-------- RECORDS FOR THE TASK

Lemma bigmin_seq_le (I : eqType) (r : seq I) (P : pred I) (F : I -> nat) m i :
  i \in r -> P i -> (\big[minn/m]_(j <- r | P j) F j <= F i)%N.
Proof.
elim: r => [|j r IH] //; rewrite inE big_cons => /orP[/eqP <- | ir] Pi.
  by rewrite Pi geq_minl.
case: ifP => _; last exact: IH.
by rewrite (leq_trans (geq_minr _ _)) // IH.
Qed.

Lemma bigmin_ord_le (N m : nat) (P : pred 'I_N) (i : 'I_N) :
  P i -> (\big[minn/m]_(j < N | P j) j <= i)%N.
Proof. by apply: bigmin_seq_le; rewrite mem_index_enum. Qed.

Lemma bigmin_ord_witness (N : nat) (P : pred 'I_N) :
  (\big[minn/N]_(j < N | P j) j < N)%N ->
  exists2 i : 'I_N, P i & \big[minn/N]_(j < N | P j) j = i.
Proof.
apply: (big_rec (fun v => v < N -> exists2 i : 'I_N, P i & v = i)%N).
  by rewrite ltnn.
move=> i v Pi IH; rewrite /minn; case: ifP => // _ _.
by exists i.
Qed.

Section TAlgebra.
Variables (n : nat) (e : rel 'I_n.+1) (E : nat -> 'M[algC]_n.+1) (x : 'I_n.+1).
Local Notation T := (Tmem e E x).

Lemma Tmem_ind (P : 'M[algC]_n.+1 -> Prop) :
  P 0 -> (forall M N, P M -> P N -> P (M + N)) ->
  (forall c M, P M -> P (c *: M)) -> (forall s, P (word e E x s)) ->
  forall M, T M -> P M.
Proof.
move=> P0 PD PZ Pw M [l ->]; elim: l => [|p l IH]; first by rewrite big_nil.
by rewrite big_cons; apply: PD => //; apply: PZ.
Qed.

Lemma Tmem0 : T 0.
Proof. by exists [::]; rewrite big_nil. Qed.

Lemma TmemD M N : T M -> T N -> T (M + N).
Proof. by move=> [l1 ->] [l2 ->]; exists (l1 ++ l2); rewrite big_cat. Qed.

----------------

— TASK REQUIREMENTS —
Each of the entries above should be written out again exactly.

— RESULT FOR THIS EXERCISE —
Lemma bigmin_seq_le (I : eqType) (r : seq I) (P : pred I) (F : I -> nat) m i :
  i \in r -> P i -> (\big[minn/m]_(j <- r | P j) F j <= F i)%N.
Proof.
elim: r => [|j r IH] //; rewrite inE big_cons => /orP[/eqP <- | ir] Pi.
  by rewrite Pi geq_minl.
case: ifP => _; last exact: IH.
by rewrite (leq_trans (geq_minr _ _)) // IH.
Qed.

Lemma bigmin_ord_le (N m : nat) (P : pred 'I_N) (i : 'I_N) :
  P i -> (\big[minn/m]_(j < N | P j) j <= i)%N.
Proof. by apply: bigmin_seq_le; rewrite mem_index_enum. Qed.

Lemma bigmin_ord_witness (N : nat) (P : pred 'I_N) :
  (\big[minn/N]_(j < N | P j) j < N)%N ->
  exists2 i : 'I_N, P i & \big[minn/N]_(j < N | P j) j = i.
Proof.
apply: (big_rec (fun v => v < N -> exists2 i : 'I_N, P i & v = i)%N).
  by rewrite ltnn.
move=> i v Pi IH; rewrite /minn; case: ifP => // _ _.
by exists i.
Qed.

Section TAlgebra.
Variables (n : nat) (e : rel 'I_n.+1) (E : nat -> 'M[algC]_n.+1) (x : 'I_n.+1).
Local Notation T := (Tmem e E x).

Lemma Tmem_ind (P : 'M[algC]_n.+1 -> Prop) :
  P 0 -> (forall M N, P M -> P N -> P (M + N)) ->
  (forall c M, P M -> P (c *: M)) -> (forall s, P (word e E x s)) ->
  forall M, T M -> P M.
Proof.
move=> P0 PD PZ Pw M [l ->]; elim: l => [|p l IH]; first by rewrite big_nil.
by rewrite big_cons; apply: PD => //; apply: PZ.
Qed.

Lemma Tmem0 : T 0.
Proof. by exists [::]; rewrite big_nil. Qed.

Lemma TmemD M N : T M -> T N -> T (M + N).
Proof. by move=> [l1 ->] [l2 ->]; exists (l1 ++ l2); rewrite big_cat. Qed.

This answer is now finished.